Econometrics PS 1
Follow the instructions of completing your problem set detailed in the syllabus.
Question 1
Observe the following population regression models of y_1 on x and y_2 on x where y_{1i} = 2 + 3x_{i} + u_{1i} and y_{2i} = 2 + 3x_{i} + u_{2i}. Observe how the error terms u_{1i} and u_{2i} are generated for 10000 observations.
- Plot the error terms u_{1i} and u_{2i} against x_i. What do you observe?

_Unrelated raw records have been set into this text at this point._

Fixpoint colless (T : btree) : nat :=
  match T with
  | Leaf => 0
  | Node a b => colless a + colless b + absdiff (leaves a) (leaves b)
  end.

Fixpoint caterpillar (k : nat) : btree :=
  match k with 0 => Leaf | k'.+1 => Node (caterpillar k') Leaf end.

Lemma leaves_caterpillar k : leaves (caterpillar k) = k.+1.
Proof. by elim: k => //= k ->; rewrite addn1. Qed.

Definition colless_attained (n k : nat) : bool :=
  if excluded_middle_informative (exists T, leaves T = n /\ colless T = k)
  then true else false.

Lemma colless_attained_ex n : exists k, colless_attained n.+1 k.
Proof.
exists (colless (caterpillar n)); rewrite /colless_attained.
case: excluded_middle_informative => // H; exfalso; apply: H.
by exists (caterpillar n); rewrite leaves_caterpillar.
Qed.

(* c_n = min { C(T) : T has n leaves }, for n >= 1 (c_0 := 0, unused) *)
Definition cmin (n : nat) : nat :=
  match n with 0 => 0 | n'.+1 => ex_minn (colless_attained_ex n') end.

(* QB(n) = {(n_a, n_b) : n_a >= n_b >= 1, n_a + n_b = n,
            c_{n_a} + c_{n_b} + n_a - n_b = c_n};
   components are bounded by n since n_a + n_b = n. *)
Definition QB (n : nat) : {set 'I_n.+1 * 'I_n.+1} :=
  [set p : 'I_n.+1 * 'I_n.+1 |
    let na := nat_of_ord p.1 in let nb := nat_of_ord p.2 in
    [&& nb <= na, 1 <= nb, na + nb == n &
        cmin na + cmin nb + (na - nb) == cmin n]].

From Stdlib Require Import ClassicalDescription.
From mathcomp Require Import all_boot zify.
Set Implicit Arguments. Unset Strict Implicit. Unset Printing Implicit Defensive.

(* 1. The minimal Colless index satisfies c_1 = 0 and, for n >= 2,
      c_n = c_{ceil(n/2)} + c_{floor(n/2)} + (n mod 2) (the maximally balanced
      tree is optimal).  We define this recursion as [mincol] and show
      [mincol (a + b) <= split_cost a b := mincol a + mincol b + |a - b|] by
      strong induction on a + b, using parity identities for [mincol] and for
      [split_cost]; the balanced tree attains [mincol], so [cmin = mincol].
   2. Call a split (a, b) tight when equality holds.  Tightness of a split of
      an even or odd number forces tightness of splits of roughly half of it,
      and two odd parts can only be tight when they are equal.
   3. Hence the smaller parts of the tight splits of n ([small_parts n]) map
      injectively, up to one extra element, into the corresponding set for
      n/2 (directly for even n, via the auxiliary family [twin_tight] for odd
      n).  Each halving step adds at most one element, which gives the bound
      trunc_log 2 n.  Finally QB(n) injects into [small_parts n]. *)

(* The balanced-tree recursion for c_n, computed with fuel [k]; fuel [n]
   suffices, since both recursive arguments are smaller than [n]. *)
Fixpoint mincol_fuel (k n : nat) : nat :=
  if k is k'.+1 then
    (if n <= 1 then 0
     else mincol_fuel k' (uphalf n) + mincol_fuel k' n./2 + odd n)
  else 0.

Definition mincol (n : nat) : nat := mincol_fuel n n.

Lemma mincol_fuel_enough k1 k2 n :
  n <= k1 -> n <= k2 -> mincol_fuel k1 n = mincol_fuel k2 n.
Proof.
elim: k1 k2 n => [|k1 IH] [|k2] n //= h1 h2; try by case: n h1 h2.
case: ifP => // n_gt1.
by rewrite (IH k2 (uphalf n)) ?(IH k2 n./2) ?uphalf_half; lia.
Qed.

Lemma mincol0 : mincol 0 = 0. Proof. by []. Qed.
Lemma mincol1 : mincol 1 = 0. Proof. by []. Qed.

- Before running the regressions, which OLS estimates will produce unbiased estimates? Prove your answer.
- Use the code above to generate the data y_1, y_2 and x. Then run the two regressions and explain the results.
- Now consider a wage equation: wage_i= β_0+ β_1 education_i + u_i. Suppose unobserved ability is positively correlated with education and affects wages positively. Explain intuitively why E(u | education) \ne 0 in this case. Will OLS overestimate or ̸ underestimate the true return to education? Justify your answer.
Question 2
Consider two researchers studying the same population and estimating the population model y_i = \beta_0 + \beta_1 x_i + u_i with Var(u_i) = 1. Assume SLR.1-4 hold. The two researchers collect different samples:
- Researcher A collects a random sample with 100 observations where it turns out that x_i \in [45, 55] uniformly distributed
- Researcher B collects a random sample with 100 observations where it turns out that x_i \in [0, 100] uniformly distributed
Without doing exact calculations, explain which researcher will likely obtain a more precise estimate of \beta_1.
Question 3
For this problem, you will use the wage2 dataset from the wooldridge package. This dataset contains information on monthly earnings and various characteristics of workers.
Q 3.1
Load the data and create a scatter plot of monthly wages (
wage) against years of education (educ). What do you observe about the relationship? Are there any concerning patterns?Calculate and report the sample correlation between wages and education. Then manually calculate \hat{\beta}_1 using the formula: \hat{\beta}_1 = \hat{\rho}_{xy} \cdot \left(\frac{\hat{\sigma}_y}{\hat{\sigma}_x}\right) by computing each component separately. Show that this matches the OLS estimate from
lm().Estimate the simple linear regression:
wage_i = \beta_0 + \beta_1 \, educ_i + u_i
Report and interpret both coefficients. Is the intercept meaningful in this context?
- Calculate the fitted values and residuals manually (without using
fitted()orresiduals()). Verify that:
- The mean of residuals equals zero
- The point (\bar{educ}, \bar{wage}) lies on the regression line
- The sample covariance between education and residuals is zero
Q 3.2
- Estimate:
\log(wage_i) = \beta_0 + \beta_1 \, educ_i + u_i
- Using the log-level specification:
- Calculate the exact percentage return to one additional year of education
- Predict the percentage wage difference between workers with 12 and 16 years of education
- Create histograms of
wageandlog(wage). Which estimation would you prefer to run: level-level or log-level? Justify your choice.
Q 3.3
Create a residual plot (residuals vs. fitted values) for your log-level specification. Do you see evidence of heteroskedasticity? Explain what pattern you would look for.
Group the data into three education categories: low (educ < 12), medium (12 \leq educ < 16), and high (educ \geq 16).
Calculate the variance of residuals within each group. What do these variances suggest about the homoskedasticity assumption?
- If heteroskedasticity is present, what are the consequences for the unbiasedness of \hat{\beta}_1?